▸ **PROBLEM TO SOLVE**
Between the line containing "if lexlt x y" and the line containing "i-th sign of" lies a run of lines; give that run again exactly, with both of those lines, and nothing else from the entries below.

Stored data entries:
:::

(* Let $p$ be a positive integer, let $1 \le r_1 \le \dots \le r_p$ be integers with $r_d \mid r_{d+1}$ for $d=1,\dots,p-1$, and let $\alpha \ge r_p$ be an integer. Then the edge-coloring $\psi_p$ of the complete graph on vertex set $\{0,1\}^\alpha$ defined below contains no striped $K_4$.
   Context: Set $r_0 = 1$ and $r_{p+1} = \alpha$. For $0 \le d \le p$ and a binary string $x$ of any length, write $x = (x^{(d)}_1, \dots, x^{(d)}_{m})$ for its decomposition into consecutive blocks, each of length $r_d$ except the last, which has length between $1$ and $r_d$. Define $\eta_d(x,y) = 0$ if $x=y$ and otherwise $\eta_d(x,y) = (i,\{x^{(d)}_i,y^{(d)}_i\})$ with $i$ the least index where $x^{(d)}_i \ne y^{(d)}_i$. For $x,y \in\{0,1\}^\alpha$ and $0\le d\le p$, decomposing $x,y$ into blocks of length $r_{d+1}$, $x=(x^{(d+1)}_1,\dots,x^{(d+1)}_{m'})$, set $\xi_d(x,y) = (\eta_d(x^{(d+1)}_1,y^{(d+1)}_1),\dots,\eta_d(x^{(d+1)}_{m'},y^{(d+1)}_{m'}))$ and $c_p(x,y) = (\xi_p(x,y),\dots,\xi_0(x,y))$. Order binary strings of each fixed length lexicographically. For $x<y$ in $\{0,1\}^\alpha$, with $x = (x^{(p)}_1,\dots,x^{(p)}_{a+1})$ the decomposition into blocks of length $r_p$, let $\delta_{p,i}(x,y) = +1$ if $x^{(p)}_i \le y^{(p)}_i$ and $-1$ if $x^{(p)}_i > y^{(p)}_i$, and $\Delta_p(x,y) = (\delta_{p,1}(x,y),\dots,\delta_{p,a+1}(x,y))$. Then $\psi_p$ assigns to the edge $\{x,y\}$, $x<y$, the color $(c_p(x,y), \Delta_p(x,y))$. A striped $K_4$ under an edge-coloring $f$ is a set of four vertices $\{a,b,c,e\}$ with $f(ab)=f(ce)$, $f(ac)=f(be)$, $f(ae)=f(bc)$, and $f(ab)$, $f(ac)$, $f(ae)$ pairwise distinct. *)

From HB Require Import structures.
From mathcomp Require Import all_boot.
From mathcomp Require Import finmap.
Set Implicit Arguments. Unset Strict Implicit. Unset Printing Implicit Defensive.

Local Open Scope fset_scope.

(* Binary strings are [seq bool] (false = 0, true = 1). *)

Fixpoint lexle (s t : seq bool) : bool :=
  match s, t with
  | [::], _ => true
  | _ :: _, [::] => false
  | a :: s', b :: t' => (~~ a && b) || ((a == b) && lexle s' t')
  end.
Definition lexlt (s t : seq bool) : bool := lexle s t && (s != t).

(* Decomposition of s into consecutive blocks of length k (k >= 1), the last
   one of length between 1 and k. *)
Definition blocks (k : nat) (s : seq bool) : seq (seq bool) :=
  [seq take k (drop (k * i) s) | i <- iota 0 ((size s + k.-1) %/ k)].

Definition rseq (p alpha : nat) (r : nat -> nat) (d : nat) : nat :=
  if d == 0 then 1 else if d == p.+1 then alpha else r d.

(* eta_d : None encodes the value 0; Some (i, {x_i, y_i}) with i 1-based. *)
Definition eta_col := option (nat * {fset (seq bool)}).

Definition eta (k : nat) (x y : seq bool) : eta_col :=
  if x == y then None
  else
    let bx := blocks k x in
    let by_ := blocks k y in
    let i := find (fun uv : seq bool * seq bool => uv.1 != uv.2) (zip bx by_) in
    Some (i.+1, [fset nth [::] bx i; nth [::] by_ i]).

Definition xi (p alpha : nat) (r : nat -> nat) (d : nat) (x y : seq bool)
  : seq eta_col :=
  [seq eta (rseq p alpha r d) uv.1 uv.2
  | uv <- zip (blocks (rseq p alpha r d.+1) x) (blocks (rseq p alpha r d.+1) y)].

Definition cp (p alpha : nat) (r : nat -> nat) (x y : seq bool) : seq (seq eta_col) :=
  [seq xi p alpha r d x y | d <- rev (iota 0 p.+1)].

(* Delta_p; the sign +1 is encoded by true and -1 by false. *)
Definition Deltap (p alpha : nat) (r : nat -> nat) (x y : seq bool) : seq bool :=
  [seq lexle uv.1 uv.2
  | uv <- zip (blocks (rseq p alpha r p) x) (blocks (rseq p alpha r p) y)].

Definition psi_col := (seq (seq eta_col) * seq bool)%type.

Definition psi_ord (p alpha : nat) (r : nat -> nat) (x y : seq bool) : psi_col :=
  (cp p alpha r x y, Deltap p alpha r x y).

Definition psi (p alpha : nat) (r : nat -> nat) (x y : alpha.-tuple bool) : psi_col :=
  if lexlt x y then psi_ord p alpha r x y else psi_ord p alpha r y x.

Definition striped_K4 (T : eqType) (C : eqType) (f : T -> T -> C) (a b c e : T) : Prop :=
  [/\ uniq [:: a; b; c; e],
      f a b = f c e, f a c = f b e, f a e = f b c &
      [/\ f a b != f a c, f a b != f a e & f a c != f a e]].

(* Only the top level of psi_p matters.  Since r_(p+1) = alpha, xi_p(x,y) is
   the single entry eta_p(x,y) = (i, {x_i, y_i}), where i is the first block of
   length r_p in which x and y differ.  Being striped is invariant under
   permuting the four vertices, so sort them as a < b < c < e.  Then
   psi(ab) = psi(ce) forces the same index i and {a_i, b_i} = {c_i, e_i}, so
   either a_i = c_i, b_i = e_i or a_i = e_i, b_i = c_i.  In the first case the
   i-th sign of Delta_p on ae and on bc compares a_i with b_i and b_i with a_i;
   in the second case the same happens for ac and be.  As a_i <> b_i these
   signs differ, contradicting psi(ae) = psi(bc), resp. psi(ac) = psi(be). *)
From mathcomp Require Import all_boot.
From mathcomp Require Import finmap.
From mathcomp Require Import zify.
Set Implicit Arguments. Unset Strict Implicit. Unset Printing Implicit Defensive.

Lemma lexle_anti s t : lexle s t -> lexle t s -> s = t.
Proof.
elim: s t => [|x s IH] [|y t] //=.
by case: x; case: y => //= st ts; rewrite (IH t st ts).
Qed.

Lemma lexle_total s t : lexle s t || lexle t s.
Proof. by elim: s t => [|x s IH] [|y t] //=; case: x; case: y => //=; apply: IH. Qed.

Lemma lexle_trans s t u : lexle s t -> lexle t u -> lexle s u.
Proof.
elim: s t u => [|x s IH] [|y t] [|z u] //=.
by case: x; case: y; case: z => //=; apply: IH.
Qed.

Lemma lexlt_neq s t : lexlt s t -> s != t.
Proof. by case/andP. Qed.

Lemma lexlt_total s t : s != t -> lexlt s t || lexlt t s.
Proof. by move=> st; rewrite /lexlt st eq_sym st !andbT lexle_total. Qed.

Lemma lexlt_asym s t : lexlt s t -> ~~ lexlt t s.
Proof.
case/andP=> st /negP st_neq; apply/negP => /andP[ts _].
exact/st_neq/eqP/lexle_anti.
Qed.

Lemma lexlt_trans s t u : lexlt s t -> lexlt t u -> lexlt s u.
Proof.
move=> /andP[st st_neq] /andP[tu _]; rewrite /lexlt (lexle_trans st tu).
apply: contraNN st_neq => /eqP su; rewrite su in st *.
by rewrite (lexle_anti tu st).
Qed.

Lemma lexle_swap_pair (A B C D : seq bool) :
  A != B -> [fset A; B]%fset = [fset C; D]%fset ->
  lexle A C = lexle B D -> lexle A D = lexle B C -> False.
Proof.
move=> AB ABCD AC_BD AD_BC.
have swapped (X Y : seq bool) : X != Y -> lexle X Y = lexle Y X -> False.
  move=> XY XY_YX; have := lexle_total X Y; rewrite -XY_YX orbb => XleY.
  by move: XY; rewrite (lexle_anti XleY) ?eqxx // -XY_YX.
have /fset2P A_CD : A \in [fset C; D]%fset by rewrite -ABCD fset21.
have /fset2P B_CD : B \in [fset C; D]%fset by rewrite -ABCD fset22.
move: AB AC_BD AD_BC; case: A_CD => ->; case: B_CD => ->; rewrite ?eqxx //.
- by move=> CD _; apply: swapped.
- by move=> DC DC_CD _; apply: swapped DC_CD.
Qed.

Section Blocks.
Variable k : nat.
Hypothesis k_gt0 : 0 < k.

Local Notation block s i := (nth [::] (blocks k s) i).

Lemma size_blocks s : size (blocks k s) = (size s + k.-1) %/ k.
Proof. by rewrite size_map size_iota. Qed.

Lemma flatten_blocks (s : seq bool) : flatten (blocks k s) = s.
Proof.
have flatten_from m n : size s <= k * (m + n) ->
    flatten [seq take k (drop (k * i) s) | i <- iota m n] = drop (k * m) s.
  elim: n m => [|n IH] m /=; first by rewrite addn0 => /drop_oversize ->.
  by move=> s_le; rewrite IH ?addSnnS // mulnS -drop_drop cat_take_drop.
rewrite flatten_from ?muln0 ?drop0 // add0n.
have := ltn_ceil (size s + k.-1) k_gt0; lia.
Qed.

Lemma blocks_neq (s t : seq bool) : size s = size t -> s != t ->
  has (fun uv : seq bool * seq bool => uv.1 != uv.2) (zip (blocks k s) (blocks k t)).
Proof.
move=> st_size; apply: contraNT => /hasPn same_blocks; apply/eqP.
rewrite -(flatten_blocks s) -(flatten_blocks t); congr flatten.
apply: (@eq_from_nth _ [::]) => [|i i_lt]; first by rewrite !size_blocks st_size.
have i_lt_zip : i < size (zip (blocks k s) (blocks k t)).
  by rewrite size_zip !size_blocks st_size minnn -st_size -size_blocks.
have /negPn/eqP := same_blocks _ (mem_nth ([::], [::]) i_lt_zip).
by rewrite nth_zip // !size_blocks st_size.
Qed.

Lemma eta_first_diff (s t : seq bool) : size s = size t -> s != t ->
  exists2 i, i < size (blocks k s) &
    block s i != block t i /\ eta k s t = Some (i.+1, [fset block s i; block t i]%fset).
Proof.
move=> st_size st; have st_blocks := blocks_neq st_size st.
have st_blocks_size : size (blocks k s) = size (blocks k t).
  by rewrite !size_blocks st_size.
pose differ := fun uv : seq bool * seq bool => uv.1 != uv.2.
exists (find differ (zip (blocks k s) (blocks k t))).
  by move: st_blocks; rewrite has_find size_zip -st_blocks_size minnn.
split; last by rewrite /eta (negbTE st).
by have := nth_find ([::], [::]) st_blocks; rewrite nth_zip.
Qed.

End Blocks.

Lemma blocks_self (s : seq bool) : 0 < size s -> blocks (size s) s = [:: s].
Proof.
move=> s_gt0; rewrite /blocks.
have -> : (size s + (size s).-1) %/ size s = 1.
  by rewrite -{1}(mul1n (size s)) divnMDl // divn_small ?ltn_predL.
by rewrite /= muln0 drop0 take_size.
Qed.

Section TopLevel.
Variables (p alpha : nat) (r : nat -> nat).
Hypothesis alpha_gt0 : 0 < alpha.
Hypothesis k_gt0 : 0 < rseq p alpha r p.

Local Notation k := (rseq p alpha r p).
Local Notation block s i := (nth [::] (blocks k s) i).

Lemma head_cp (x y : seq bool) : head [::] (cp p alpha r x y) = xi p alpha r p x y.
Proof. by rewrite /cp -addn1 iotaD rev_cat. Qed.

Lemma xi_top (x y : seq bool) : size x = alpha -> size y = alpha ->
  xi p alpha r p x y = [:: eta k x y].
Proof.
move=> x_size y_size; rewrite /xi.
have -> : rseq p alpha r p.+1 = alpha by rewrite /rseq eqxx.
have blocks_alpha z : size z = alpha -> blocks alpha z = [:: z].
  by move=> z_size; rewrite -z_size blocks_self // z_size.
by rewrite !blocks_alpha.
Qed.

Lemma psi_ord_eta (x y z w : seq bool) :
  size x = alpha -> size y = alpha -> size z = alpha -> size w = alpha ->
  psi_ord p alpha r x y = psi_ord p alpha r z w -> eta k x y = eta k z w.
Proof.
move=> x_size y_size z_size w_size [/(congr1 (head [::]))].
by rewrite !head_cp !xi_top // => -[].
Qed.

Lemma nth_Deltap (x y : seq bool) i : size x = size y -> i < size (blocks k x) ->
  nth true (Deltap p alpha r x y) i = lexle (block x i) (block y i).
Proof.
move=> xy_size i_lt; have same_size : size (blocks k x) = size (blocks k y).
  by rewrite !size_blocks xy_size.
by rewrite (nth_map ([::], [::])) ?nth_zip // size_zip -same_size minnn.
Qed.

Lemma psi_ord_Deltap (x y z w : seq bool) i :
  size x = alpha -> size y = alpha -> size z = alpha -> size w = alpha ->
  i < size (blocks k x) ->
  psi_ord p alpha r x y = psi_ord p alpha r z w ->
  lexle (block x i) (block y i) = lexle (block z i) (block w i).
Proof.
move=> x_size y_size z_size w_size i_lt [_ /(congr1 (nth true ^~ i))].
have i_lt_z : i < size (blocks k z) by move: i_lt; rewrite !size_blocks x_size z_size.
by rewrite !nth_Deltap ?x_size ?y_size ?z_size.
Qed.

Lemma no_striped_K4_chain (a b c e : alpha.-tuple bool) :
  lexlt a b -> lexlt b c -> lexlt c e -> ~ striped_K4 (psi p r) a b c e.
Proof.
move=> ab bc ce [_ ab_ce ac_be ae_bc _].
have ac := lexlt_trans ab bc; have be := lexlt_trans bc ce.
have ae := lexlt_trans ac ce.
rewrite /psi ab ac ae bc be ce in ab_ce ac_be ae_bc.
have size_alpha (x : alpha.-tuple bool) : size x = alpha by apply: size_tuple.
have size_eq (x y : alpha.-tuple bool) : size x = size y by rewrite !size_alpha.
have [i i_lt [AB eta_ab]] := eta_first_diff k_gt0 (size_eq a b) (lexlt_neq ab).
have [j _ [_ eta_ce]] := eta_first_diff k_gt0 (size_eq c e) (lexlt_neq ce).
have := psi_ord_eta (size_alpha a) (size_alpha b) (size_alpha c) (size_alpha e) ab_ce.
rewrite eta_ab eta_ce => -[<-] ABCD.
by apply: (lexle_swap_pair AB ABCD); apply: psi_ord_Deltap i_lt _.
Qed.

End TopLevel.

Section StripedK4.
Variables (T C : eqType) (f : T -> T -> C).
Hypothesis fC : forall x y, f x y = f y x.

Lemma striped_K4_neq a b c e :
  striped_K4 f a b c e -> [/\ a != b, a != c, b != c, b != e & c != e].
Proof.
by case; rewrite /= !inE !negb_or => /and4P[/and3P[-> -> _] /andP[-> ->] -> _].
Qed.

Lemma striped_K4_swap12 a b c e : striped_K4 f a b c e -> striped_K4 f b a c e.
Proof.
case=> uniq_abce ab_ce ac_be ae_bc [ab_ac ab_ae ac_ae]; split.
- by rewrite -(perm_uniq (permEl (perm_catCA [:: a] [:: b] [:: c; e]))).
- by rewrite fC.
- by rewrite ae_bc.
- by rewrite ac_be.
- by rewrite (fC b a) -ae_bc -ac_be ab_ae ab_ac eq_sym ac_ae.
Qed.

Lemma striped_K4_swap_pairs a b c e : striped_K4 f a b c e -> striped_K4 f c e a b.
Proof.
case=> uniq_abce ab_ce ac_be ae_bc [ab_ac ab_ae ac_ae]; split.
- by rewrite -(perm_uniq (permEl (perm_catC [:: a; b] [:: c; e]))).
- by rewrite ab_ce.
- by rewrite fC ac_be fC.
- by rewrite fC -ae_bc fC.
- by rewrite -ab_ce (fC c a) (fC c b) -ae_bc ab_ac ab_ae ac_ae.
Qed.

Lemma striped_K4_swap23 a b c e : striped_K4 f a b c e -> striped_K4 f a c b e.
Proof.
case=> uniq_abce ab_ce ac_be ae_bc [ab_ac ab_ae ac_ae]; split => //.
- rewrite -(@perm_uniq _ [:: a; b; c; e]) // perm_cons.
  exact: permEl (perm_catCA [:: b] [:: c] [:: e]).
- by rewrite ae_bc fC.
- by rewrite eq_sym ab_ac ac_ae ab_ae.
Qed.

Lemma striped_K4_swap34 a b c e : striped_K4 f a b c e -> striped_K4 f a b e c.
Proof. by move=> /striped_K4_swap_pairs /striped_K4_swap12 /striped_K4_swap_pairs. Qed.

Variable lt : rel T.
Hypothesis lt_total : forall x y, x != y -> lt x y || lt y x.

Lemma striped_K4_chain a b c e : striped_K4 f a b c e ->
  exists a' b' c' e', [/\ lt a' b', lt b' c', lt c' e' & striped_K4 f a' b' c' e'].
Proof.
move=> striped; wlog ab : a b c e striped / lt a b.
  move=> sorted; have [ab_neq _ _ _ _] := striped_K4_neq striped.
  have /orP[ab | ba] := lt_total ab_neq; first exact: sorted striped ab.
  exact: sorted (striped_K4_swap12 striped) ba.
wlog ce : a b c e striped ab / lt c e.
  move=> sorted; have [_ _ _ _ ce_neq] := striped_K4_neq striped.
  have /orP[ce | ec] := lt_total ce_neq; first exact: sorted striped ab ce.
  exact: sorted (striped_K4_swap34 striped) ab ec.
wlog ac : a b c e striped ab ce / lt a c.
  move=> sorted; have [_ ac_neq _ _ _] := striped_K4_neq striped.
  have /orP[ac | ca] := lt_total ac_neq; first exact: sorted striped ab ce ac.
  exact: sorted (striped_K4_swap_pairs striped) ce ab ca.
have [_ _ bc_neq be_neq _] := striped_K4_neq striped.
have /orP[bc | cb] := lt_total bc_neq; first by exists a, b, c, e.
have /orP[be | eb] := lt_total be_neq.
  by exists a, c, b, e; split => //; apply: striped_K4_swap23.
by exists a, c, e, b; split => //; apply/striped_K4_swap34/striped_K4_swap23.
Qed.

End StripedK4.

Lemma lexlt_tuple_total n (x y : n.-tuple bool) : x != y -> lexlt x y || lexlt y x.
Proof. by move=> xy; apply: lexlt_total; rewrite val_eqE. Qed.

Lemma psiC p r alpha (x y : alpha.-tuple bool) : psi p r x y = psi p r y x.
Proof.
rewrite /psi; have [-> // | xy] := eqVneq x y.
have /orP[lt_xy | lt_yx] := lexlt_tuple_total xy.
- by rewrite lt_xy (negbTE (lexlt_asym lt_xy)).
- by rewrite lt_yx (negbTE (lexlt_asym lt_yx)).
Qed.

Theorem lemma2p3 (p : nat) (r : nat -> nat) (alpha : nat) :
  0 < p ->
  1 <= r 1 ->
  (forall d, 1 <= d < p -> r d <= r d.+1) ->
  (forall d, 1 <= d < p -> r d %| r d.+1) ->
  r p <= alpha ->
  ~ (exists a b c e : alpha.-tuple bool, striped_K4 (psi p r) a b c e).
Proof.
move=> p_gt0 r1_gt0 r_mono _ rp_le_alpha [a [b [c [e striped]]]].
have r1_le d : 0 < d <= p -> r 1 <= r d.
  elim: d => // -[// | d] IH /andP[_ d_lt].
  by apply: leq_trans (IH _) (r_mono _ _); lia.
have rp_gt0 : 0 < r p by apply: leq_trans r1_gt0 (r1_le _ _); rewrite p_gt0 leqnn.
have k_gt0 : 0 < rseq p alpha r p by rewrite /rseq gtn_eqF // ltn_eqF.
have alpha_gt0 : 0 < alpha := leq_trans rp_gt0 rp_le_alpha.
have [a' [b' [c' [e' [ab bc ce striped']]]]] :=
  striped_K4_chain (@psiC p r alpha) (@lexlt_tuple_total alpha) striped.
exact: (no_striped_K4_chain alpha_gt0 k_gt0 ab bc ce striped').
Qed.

:::

▸ **OUTPUT OF THE EXERCISE**
  if lexlt x y then psi_ord p alpha r x y else psi_ord p alpha r y x.

Definition striped_K4 (T : eqType) (C : eqType) (f : T -> T -> C) (a b c e : T) : Prop :=
  [/\ uniq [:: a; b; c; e],
      f a b = f c e, f a c = f b e, f a e = f b c &
      [/\ f a b != f a c, f a b != f a e & f a c != f a e]].

(* Only the top level of psi_p matters.  Since r_(p+1) = alpha, xi_p(x,y) is
   the single entry eta_p(x,y) = (i, {x_i, y_i}), where i is the first block of
   length r_p in which x and y differ.  Being striped is invariant under
   permuting the four vertices, so sort them as a < b < c < e.  Then
   psi(ab) = psi(ce) forces the same index i and {a_i, b_i} = {c_i, e_i}, so
   either a_i = c_i, b_i = e_i or a_i = e_i, b_i = c_i.  In the first case the
   i-th sign of Delta_p on ae and on bc compares a_i with b_i and b_i with a_i;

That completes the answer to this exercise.